No fim desta primeira estância, José das Dornas, como que atordoado, levantou os olhos para João da Esquina; mas viu-o tão sério, que continuou:
Trigueira! Se tu soubesses
O que é ser assim trigueira!
Dessa ardilosa maneira
Porque tu o sabes ser;
Não virias lamentar-te,
Toda sentida e chorosa,
Tendo inveja à cor da rosa
Sem motivos para a ter.
- Ó vizinho, mas isto... - ia a dizer José das Dornas, que principiava a suar.
Um gesto do tendeiro obrigou-o a prosseguir:
Trigueira! Porque és trigueira,
É que eu assim te quis tanto.
- Repare, Sr. José - observou do lado João da Esquina. - «É que eu assim te quis tanto.» Vá reparando.
José das Dornas abriu muito os olhos para reparar e continuou:
Daí provém todo o encanto,
Em que me traz este amor.
- «Este amor», repare, vizinho, «este amor!» - tornou a dizer João da Esquina e José das Dornas tornou a abrir muito os olhos, repetindo sem saber para quê:
- «Este amor...» é verdade... «este amor...» Cá está.
E prosseguiu:
E suspiras e murmuras!
- É peta! - notou João da Esquina.
- Palavra de honra, que está aqui. «E suspiras e murmuras», Sr.
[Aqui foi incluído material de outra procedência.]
Lemma psi_is_min t : 1 <= t ->
  is_min (fun y => exists q : Z, 1 <= IZR q <= t /\ y = dist_Z (IZR q * al)) (psi al t).
Proof.
  intros Ht. apply Rmin_set_is_min, (approx_values_have_min al t).
  - exists (dist_Z (IZR 1 * al)), 1%Z. split; [lra|reflexivity].
  - intros y [q [Hq ->]]. destruct (dist_Z_attained (IZR q * al)) as [k Hk].
    exists k, q. split; assumption.
Qed.

Lemma psi_le_err k : psi al (IZR (den k)) <= err k.
Proof.
  pose proof (den_pos k) as [H _]. apply IZR_le in H.
  eapply Rle_trans; [apply (psi_is_min _ H); exists (den k); split; [lra|reflexivity]|].
  apply dist_Z_le.
Qed.

Lemma convergent_dist_lt_1 n : Rabs (al - IZR (num n) / IZR (den n)) < 1.
Proof.
  pose proof (den_pos n) as [H _]. apply IZR_le in H.
  replace (al - IZR (num n) / IZR (den n)) with (dev n / IZR (den n)) by (unfold dev; field; lra).
  unfold Rdiv. rewrite Rabs_mult, Rabs_inv, (Rabs_right (IZR (den n))) by lra. fold (err n).
  pose proof (err_lt_1 n). pose proof (err_pos n).
  assert (/ IZR (den n) <= 1) by (rewrite <- Rinv_1; apply Rinv_le_contravar; lra).
  assert (0 < / IZR (den n)) by (apply Rinv_0_lt_compat; lra). nra.
Qed.

Lemma floor_add_2_not_convergent n :
  IZR (cf_a al 0 + 2) / IZR 1 <> IZR (num n) / IZR (den n).
Proof.
  intros E. pose proof (convergent_dist_lt_1 n) as H. rewrite <- E in H.
  unfold cf_a in H. simpl in H. destruct (base_Int_part al).
  rewrite plus_IZR, Rabs_left in H by (simpl; lra). simpl in H. lra.
Qed.

Lemma psi2_is_min t : 1 <= t ->
  is_min (fun y => exists p q : Z, 1 <= IZR q <= t /\
    (forall n, (p, q) <> (conv_p al n, conv_q al n)) /\ y = Rabs (IZR q * al - IZR p))
    (psi2 al t).
Proof.
  intros Ht. apply Rmin_set_is_min, (approx_values_have_min al t).
  - exists (Rabs (IZR 1 * al - IZR (cf_a al 0 + 2))), (cf_a al 0 + 2)%Z, 1%Z.
    split; [lra|split; [|reflexivity]].
    intros n E. injection E as Ep Eq. apply (floor_add_2_not_convergent n).
    fold (num n) (den n) in Ep, Eq. rewrite <- Ep, <- Eq. reflexivity.
  - intros y [p [q [Hq [_ ->]]]]. exists p, q. split; [exact Hq|reflexivity].
Qed.

Lemma psi2s_is_min t : 1 <= t ->
  is_min (fun y => exists p q : Z, 1 <= IZR q <= t /\
    (forall n, IZR p / IZR q <> IZR (conv_p al n) / IZR (conv_q al n)) /\
    y = Rabs (IZR q * al - IZR p))
    (psi2s al t).
Proof.
  intros Ht. apply Rmin_set_is_min, (approx_values_have_min al t).
  - exists (Rabs (IZR 1 * al - IZR (cf_a al 0 + 2))), (cf_a al 0 + 2)%Z, 1%Z.
    split; [lra|split; [exact floor_add_2_not_convergent|reflexivity]].
  - intros y [p [q [Hq [_ ->]]]]. exists p, q. split; [exact Hq|reflexivity].
Qed.

Lemma psi2_le_psi2s t : 1 <= t -> psi2 al t <= psi2s al t.
Proof.
  intros Ht. destruct (psi2s_is_min t Ht) as [[p [q [Hq [Hnc ->]]]] _].
  apply (psi2_is_min t Ht). exists p, q. split; [exact Hq|split; [|reflexivity]].
  intros n E. apply (Hnc n). injection E as -> ->. reflexivity.
Qed.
João. Ora faça favor de ver.
- Não nego; quero eu dizer que... mas adiante, adiante.
José das Dornas continuou:
E suspiras e murmuras!
Que mais desejavas inda?
Pois serias tu mais linda,
Se tivesses outra cor?
José das Dornas começou a lançar para o vizinho um olhar inquieto; estava seriamente pensando que o homem endoidecera.
- Continue - disse-lhe o tendeiro.
E o lavrador continuou, suando cada vez mais:
Trigueira! Onde mais realça
O brilhar de uns olhos pretos,
Sempre húmidos, sempre inquietos
Do que numa cor assim?
Onde o correr de uma lágrima
Mais encantos apresenta?
E um sorriso, um só, nos tenta,
Como me tentou a mim?
- «Como me tentou a mim» - repetiu João da Esquina.